Lemma pendant_terminal_stronger E s t :
  in_T m (TTGraph E s t) -> (forall y, adj E t y -> y = s) -> adj E t s ->
  exists H, in_T m H /\ stronger d m H (TTGraph E s t).
Proof.
move=> hT nb_t ts; have st_adj : adj E s t by rewrite adjC.
have [/existsP[x /andP[sx xt]] | /existsPn no_x] := boolP [exists x, adj E s x && (x != t)].
  exact: pendant_terminal_neighbour_stronger sx xt.
have st : s != t := in_T_terminals hT.
have [f fE] : exists2 f, f \in E & f \notin [set [set s; t]].
  by apply: in_T_edge_avoiding hT _; rewrite cards1 ltnW.
rewrite inE => fst.
have /cards2P[x [y [xy fxy]]] : #|f| == 2.
  by case/andP: hT => /andP[/forallP /(_ f)]; rewrite fE.
have xs : x != s.
  apply/eqP => xs; have := no_x y; rewrite -xs /adj -fxy fE /=.
  by move/negPn/eqP => yt; move: fst; rewrite fxy xs yt eqxx.
have xt : x != t.
  apply: contraNneq fst => xt; have ys : y = s by apply: nb_t; rewrite /adj -xt -fxy.
  by rewrite fxy xt ys setUC.
have sxE : [set s; x] \notin E by have := no_x x; rewrite xt andbT.
have [hT1 N_le] : in_T m (TTGraph ([set s; x] |: (E :\ f)) s t) /\
                  forall i, N d i (TTGraph E s t) <= N d i (TTGraph ([set s; x] |: (E :\ f)) s t).
  have red : redundant_edge E s t d f.
    by apply: pendant_terminal_redundant; rewrite ?(ltnW d2).
  split; first by apply: (in_T_swap fE sxE hT); rewrite cards2 (eq_sym s x) xs.
  by move=> i; apply: (N_swap_le sxE red).
have nb_t1 y' : adj ([set s; x] |: (E :\ f)) t y' -> y' = s.
  have ne : [set y'; t] != [set s; x] by apply: set2_neq; rewrite eq_sym.
  rewrite /adj in_setU1 in_setD1 setUC (negbTE ne) /= => /andP[_].
  by rewrite setUC => /nb_t.
have st1 : adj ([set s; x] |: (E :\ f)) s t by rewrite /adj setU1r // in_setD1 eq_sym fst.
have [H [hTH stronger_H]] := pendant_terminal_neighbour_stronger hT1 nb_t1 st1 (setU11 _ _) xt.
by exists H; split => //; apply: stronger_le_trans stronger_H.
Qed.

End PendantTerminal.

Section PendantNeighbour.
Variables (n m d : nat) (E : {set {set 'I_n}}) (s t v : 'I_n).
Hypotheses (hT : in_T m (TTGraph E s t)) (d3 : 2 < d).
Hypotheses (vs : v != s) (vt : v != t) (nb_v : forall y, adj E v y -> y = s).
Hypotheses (sv : adj E s v) (st_adj : adj E s t).

Local Notation E' := (E :\ [set s; v]).
Local Notation nbhd_s := [pred z | (z == s) || adj E' s z].
Implicit Types (a b x y : 'I_n).

Let st : s != t := in_T_terminals hT.

Let adj'_neq a b : adj E' a b -> a != b.
Proof. by rewrite /adj in_setD1 => /andP[_]; apply: in_T_adj_neq hT. Qed.

Let adj'_neq_v a b : adj E' a b -> a != v.
Proof.
apply: contraTneq => ->; rewrite /adj in_setD1 negb_and negbK.
have [vbE | ] := boolP ([set v; b] \in E); last by rewrite orbT.
by rewrite (nb_v vbE) setUC eqxx.
Qed.

Let st' : adj E' s t.
Proof.
rewrite /adj in_setD1 (st_adj : [set s; t] \in E) andbT.
by apply: set2_neq; rewrite eq_sym.
Qed.

Lemma stronger_of_pendant_swap p1 b p2 :
  ~~ adj E' (last s p1) b -> last s p1 != v -> b != v ->
  uniq (s :: p1 ++ b :: p2) -> last b p2 = t -> size (p1 ++ b :: p2) <= 3 ->
  path (adj ([set last s p1; b] |: E')) s (p1 ++ b :: p2) ->
  exists H, in_T m H /\ stronger d m H (TTGraph E s t).
Proof.
move=> nab av bv hu hl hsz hp.
apply: (stronger_of_swap hT _ (pendant_redundant vs vt nb_v) _ hu hl (leq_trans hsz d3) hp).
  exact: sv.
apply: contra nab => abE; rewrite /adj in_setD1 abE andbT eq_sym.
by apply: set2_neq; rewrite eq_sym.
Qed.

Lemma stronger_of_s_neighbour a :
  adj E' s a -> a != t -> ~~ adj E' a t -> exists H, in_T m H /\ stronger d m H (TTGraph E s t).
Proof.
move=> sa at_neq n_at.
apply: (stronger_of_pendant_swap (p1 := [:: a]) (b := t) (p2 := [::])) => //=.
- by apply: (@adj'_neq_v a s); rewrite adjC.
- by rewrite eq_sym.
- by rewrite !inE negb_or (adj'_neq sa) st at_neq.
- by rewrite /adj setU11 setU1r.
Qed.

Lemma stronger_of_t_neighbour b :
  adj E' t b -> b != s -> ~~ adj E' s b -> exists H, in_T m H /\ stronger d m H (TTGraph E s t).
Proof.
move=> tb bs nsb.
apply: (stronger_of_pendant_swap (p1 := [::]) (b := b) (p2 := [:: t])) => //=.
- by rewrite eq_sym.
- by apply: (@adj'_neq_v _ t); rewrite adjC.
- by rewrite !inE negb_or eq_sym bs st eq_sym (adj'_neq tb).
- by rewrite /adj setU11 setU1r // setUC.
Qed.

Lemma stronger_of_nonadj_pair x y :
  (forall a, adj E' s a -> a != t -> adj E' a t) ->
  x \in nbhd_s -> y \in nbhd_s -> x != y -> ~~ adj E' x y ->
  exists H, in_T m H /\ stronger d m H (TTGraph E s t).
Proof.
move=> to_t; rewrite !inE => nx ny xy nxy.
have xs : x != s.
  apply: contraNneq nxy => xs; case/orP: ny => [/eqP ys | ]; last by rewrite xs.
  by move: xy; rewrite xs ys eqxx.
have ys : y != s.
  apply: contraNneq nxy => ys; case/orP: nx => [/eqP xs' | ]; last by rewrite ys adjC.
  by move: xs; rewrite xs' eqxx.
have sx : adj E' s x by case/orP: nx => //; rewrite (negbTE xs).
have sy : adj E' s y by case/orP: ny => //; rewrite (negbTE ys).
have xt : x != t.
  apply: contraNneq nxy => xt; have yt : y != t by rewrite -xt eq_sym.
  by rewrite adjC xt to_t.
have yt : y != t by apply: contraNneq nxy => ->; rewrite to_t.
apply: (stronger_of_pendant_swap (p1 := [:: x]) (b := y) (p2 := [:: t])) => //=.
- by apply: (@adj'_neq_v _ s); rewrite adjC.
- by apply: (@adj'_neq_v _ s); rewrite adjC.
- by rewrite !inE !negb_or (adj'_neq sx) (adj'_neq sy) st xy xt yt.
- by rewrite /adj setU11 !setU1r //; apply: to_t.
Qed.

Lemma stronger_of_far_vertex a b :
  (forall b, adj E' t b -> b != s -> adj E' s b) ->
  a \in nbhd_s -> adj E' a b -> b \notin nbhd_s ->
  exists H, in_T m H /\ stronger d m H (TTGraph E s t).
Proof.
move=> from_t; rewrite !inE negb_or => na ab /andP[bs nsb].
have sa : adj E' s a.
  by case/orP: na => // /eqP as_; rewrite as_ in ab; rewrite ab in nsb.
have at_neq : a != t by apply: contraNneq nsb => at_eq; rewrite from_t // -at_eq.
have bt : b != t by apply: contraNneq nsb => ->.
have nbt : ~~ adj E' b t by apply: contra nsb => bt'; rewrite from_t // adjC.
apply: (stronger_of_pendant_swap (p1 := [:: a; b]) (b := t) (p2 := [::])) => //=.
- by apply: (@adj'_neq_v _ a); rewrite adjC.
- by rewrite eq_sym.
- by rewrite !inE !negb_or (adj'_neq sa) (eq_sym s b) bs st (adj'_neq ab) at_neq bt.
- by rewrite /adj setU11 !setU1r.
Qed.

Lemma stronger_of_noncomplete :
  ~ complete (TTGraph E' s t) -> exists H, in_T m H /\ stronger d m H (TTGraph E s t).
Proof.
move=> not_complete.
have [x [y [sx sy xy nxy]]] : exists x y,
    [/\ connect (adj E') s x, connect (adj E') s y, x != y & ~~ adj E' x y].
  have [clique | ] := boolP [forall x, forall y,
    [&& connect (adj E') s x, connect (adj E') s y & x != y] ==> adj E' x y].
    case: not_complete; split=> [|x y sx sy xy]; first exact: connect1 st'.
    by have /forallP /(_ y) := forallP clique x; rewrite sx sy xy.
  case/forallPn=> x /forallPn[y]; rewrite negb_imply => /andP[/and3P[sx sy xy] nxy].
  by exists x, y.
have [/existsP[a /and3P[]] | /existsPn to_t] :=
  boolP [exists a, [&& adj E' s a, a != t & ~~ adj E' a t]].
  exact: stronger_of_s_neighbour.
have [/existsP[b /and3P[]] | /existsPn from_t] :=
  boolP [exists b, [&& adj E' t b, b != s & ~~ adj E' s b]].
  exact: stronger_of_t_neighbour.
have {}to_t a : adj E' s a -> a != t -> adj E' a t.
  by move=> sa at_neq; have := to_t a; rewrite sa at_neq negbK.
have {}from_t b : adj E' t b -> b != s -> adj E' s b.
  by move=> tb bs; have := from_t b; rewrite tb bs negbK.
have [/andP[nx ny] | ] := boolP ((x \in nbhd_s) && (y \in nbhd_s)).
  exact: stronger_of_nonadj_pair nx ny xy nxy.
rewrite negb_and => /orP out.
have [z sz nz] : exists2 z, connect (adj E') s z & z \notin nbhd_s.
  by case: out; [exists x | exists y].
have sN : s \in nbhd_s by rewrite inE eqxx.
have [a [b [na ab nb]]] := connect_exit sN nz sz.
exact: stronger_of_far_vertex na ab nb.
Qed.

End PendantNeighbour.

Theorem lemma6 (n m d : nat) (G : ttgraph n) (v : 'I_n) :
  5 <= n -> 5 <= m -> 3 <= d ->
  in_T m G ->
  degree (tt_edges G) v = 1 -> adj (tt_edges G) v (tt_s G) ->
  ~ complete (del_edge G (tt_s G) v) ->
  exists H : ttgraph n, in_T m H /\ stronger d m H G.
Proof.
case: G => E s t /= _ m5 d3 hT deg_v vs_adj not_complete.
have nb_v := degree1_neighbour deg_v vs_adj.
have m3 : 2 < m := leq_trans (isT : 3 <= 5) m5.
have [vt | vt] := eqVneq v t.
  by subst v; apply: (pendant_terminal_stronger (ltnW d3) m3 hT nb_v vs_adj).
have vs : v != s := in_T_adj_neq hT vs_adj.
have sv : adj E s v by rewrite adjC.
have [st_adj | st_nadj] := boolP (adj E s t).
  exact: (stronger_of_noncomplete hT d3 vs vt nb_v sv st_adj not_complete).
apply: (stronger_of_swap (p1 := [::]) (b := t) (p2 := [::]) hT sv
          (pendant_redundant vs vt nb_v) st_nadj) => //=.
- by rewrite inE (in_T_terminals hT).
- exact: leq_trans _ d3.
- by rewrite /adj setU11.
Qed.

----

Problem to solve:
The lines to retype run from the start of the entries through the line containing "have st : s != t := in_T_terminals hT."; reproduce them exactly and add nothing.

Exercise solution:
Lemma pendant_terminal_stronger E s t :
  in_T m (TTGraph E s t) -> (forall y, adj E t y -> y = s) -> adj E t s ->
  exists H, in_T m H /\ stronger d m H (TTGraph E s t).
Proof.
move=> hT nb_t ts; have st_adj : adj E s t by rewrite adjC.
have [/existsP[x /andP[sx xt]] | /existsPn no_x] := boolP [exists x, adj E s x && (x != t)].
  exact: pendant_terminal_neighbour_stronger sx xt.
have st : s != t := in_T_terminals hT.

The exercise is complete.